(Dataset entries)
=== Section Start ===

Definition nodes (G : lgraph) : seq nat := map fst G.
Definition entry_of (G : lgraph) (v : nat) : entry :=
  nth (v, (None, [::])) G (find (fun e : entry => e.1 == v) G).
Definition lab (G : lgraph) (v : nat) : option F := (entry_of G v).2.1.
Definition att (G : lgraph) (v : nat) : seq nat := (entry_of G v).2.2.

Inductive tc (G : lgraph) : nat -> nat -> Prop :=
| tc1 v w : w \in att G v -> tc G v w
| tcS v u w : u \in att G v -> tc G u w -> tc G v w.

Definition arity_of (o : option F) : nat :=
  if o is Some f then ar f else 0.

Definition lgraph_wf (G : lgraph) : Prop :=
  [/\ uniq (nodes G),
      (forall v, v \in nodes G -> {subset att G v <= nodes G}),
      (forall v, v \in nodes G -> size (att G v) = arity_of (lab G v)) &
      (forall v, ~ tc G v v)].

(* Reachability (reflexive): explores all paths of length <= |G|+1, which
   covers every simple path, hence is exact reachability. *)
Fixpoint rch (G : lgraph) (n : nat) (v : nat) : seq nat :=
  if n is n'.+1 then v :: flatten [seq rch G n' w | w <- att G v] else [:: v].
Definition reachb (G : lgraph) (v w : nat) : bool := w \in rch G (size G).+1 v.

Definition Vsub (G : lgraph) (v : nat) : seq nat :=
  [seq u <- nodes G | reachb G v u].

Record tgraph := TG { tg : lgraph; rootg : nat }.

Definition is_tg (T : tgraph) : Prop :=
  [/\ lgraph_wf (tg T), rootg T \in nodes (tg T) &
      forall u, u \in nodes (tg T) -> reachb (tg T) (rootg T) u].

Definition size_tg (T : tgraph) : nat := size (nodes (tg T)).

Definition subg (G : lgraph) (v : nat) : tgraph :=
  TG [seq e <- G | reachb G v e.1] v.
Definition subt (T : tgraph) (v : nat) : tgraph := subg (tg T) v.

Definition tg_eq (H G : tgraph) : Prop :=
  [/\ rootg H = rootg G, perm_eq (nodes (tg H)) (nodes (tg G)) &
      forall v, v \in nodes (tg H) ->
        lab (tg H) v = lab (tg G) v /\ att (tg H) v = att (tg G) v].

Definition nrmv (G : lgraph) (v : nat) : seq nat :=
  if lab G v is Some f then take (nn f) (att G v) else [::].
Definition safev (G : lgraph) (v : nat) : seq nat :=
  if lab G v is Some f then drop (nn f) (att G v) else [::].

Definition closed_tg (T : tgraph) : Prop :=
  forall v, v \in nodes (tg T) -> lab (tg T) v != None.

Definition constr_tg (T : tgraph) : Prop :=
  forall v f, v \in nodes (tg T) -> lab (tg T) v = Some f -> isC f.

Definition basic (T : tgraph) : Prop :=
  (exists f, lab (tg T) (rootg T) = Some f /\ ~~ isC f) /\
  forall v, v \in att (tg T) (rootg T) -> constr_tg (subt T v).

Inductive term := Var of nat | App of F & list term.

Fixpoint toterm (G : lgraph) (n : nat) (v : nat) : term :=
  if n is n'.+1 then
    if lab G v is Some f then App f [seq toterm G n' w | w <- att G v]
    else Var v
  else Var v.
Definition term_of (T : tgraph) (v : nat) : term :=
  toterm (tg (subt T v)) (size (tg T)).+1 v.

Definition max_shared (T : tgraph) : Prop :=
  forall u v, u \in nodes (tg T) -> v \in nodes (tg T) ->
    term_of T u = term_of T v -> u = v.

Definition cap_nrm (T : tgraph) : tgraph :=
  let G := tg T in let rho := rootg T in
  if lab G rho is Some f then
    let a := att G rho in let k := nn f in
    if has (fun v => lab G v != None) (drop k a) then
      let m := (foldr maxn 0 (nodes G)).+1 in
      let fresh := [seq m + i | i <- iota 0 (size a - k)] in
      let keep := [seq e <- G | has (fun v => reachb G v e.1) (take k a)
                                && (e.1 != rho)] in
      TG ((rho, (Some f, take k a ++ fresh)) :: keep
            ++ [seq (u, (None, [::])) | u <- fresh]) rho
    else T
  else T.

=== Section End ===

Above are the records. Print exactly, and only, the lines from the line with "Definition arity_of (o" to the line with "Definition size_tg (T", both inclusive.

Definition arity_of (o : option F) : nat :=
  if o is Some f then ar f else 0.

Definition lgraph_wf (G : lgraph) : Prop :=
  [/\ uniq (nodes G),
      (forall v, v \in nodes G -> {subset att G v <= nodes G}),
      (forall v, v \in nodes G -> size (att G v) = arity_of (lab G v)) &
      (forall v, ~ tc G v v)].

(* Reachability (reflexive): explores all paths of length <= |G|+1, which
   covers every simple path, hence is exact reachability. *)
Fixpoint rch (G : lgraph) (n : nat) (v : nat) : seq nat :=
  if n is n'.+1 then v :: flatten [seq rch G n' w | w <- att G v] else [:: v].
Definition reachb (G : lgraph) (v w : nat) : bool := w \in rch G (size G).+1 v.

Definition Vsub (G : lgraph) (v : nat) : seq nat :=
  [seq u <- nodes G | reachb G v u].

Record tgraph := TG { tg : lgraph; rootg : nat }.

Definition is_tg (T : tgraph) : Prop :=
  [/\ lgraph_wf (tg T), rootg T \in nodes (tg T) &
      forall u, u \in nodes (tg T) -> reachb (tg T) (rootg T) u].

Definition size_tg (T : tgraph) : nat := size (nodes (tg T)).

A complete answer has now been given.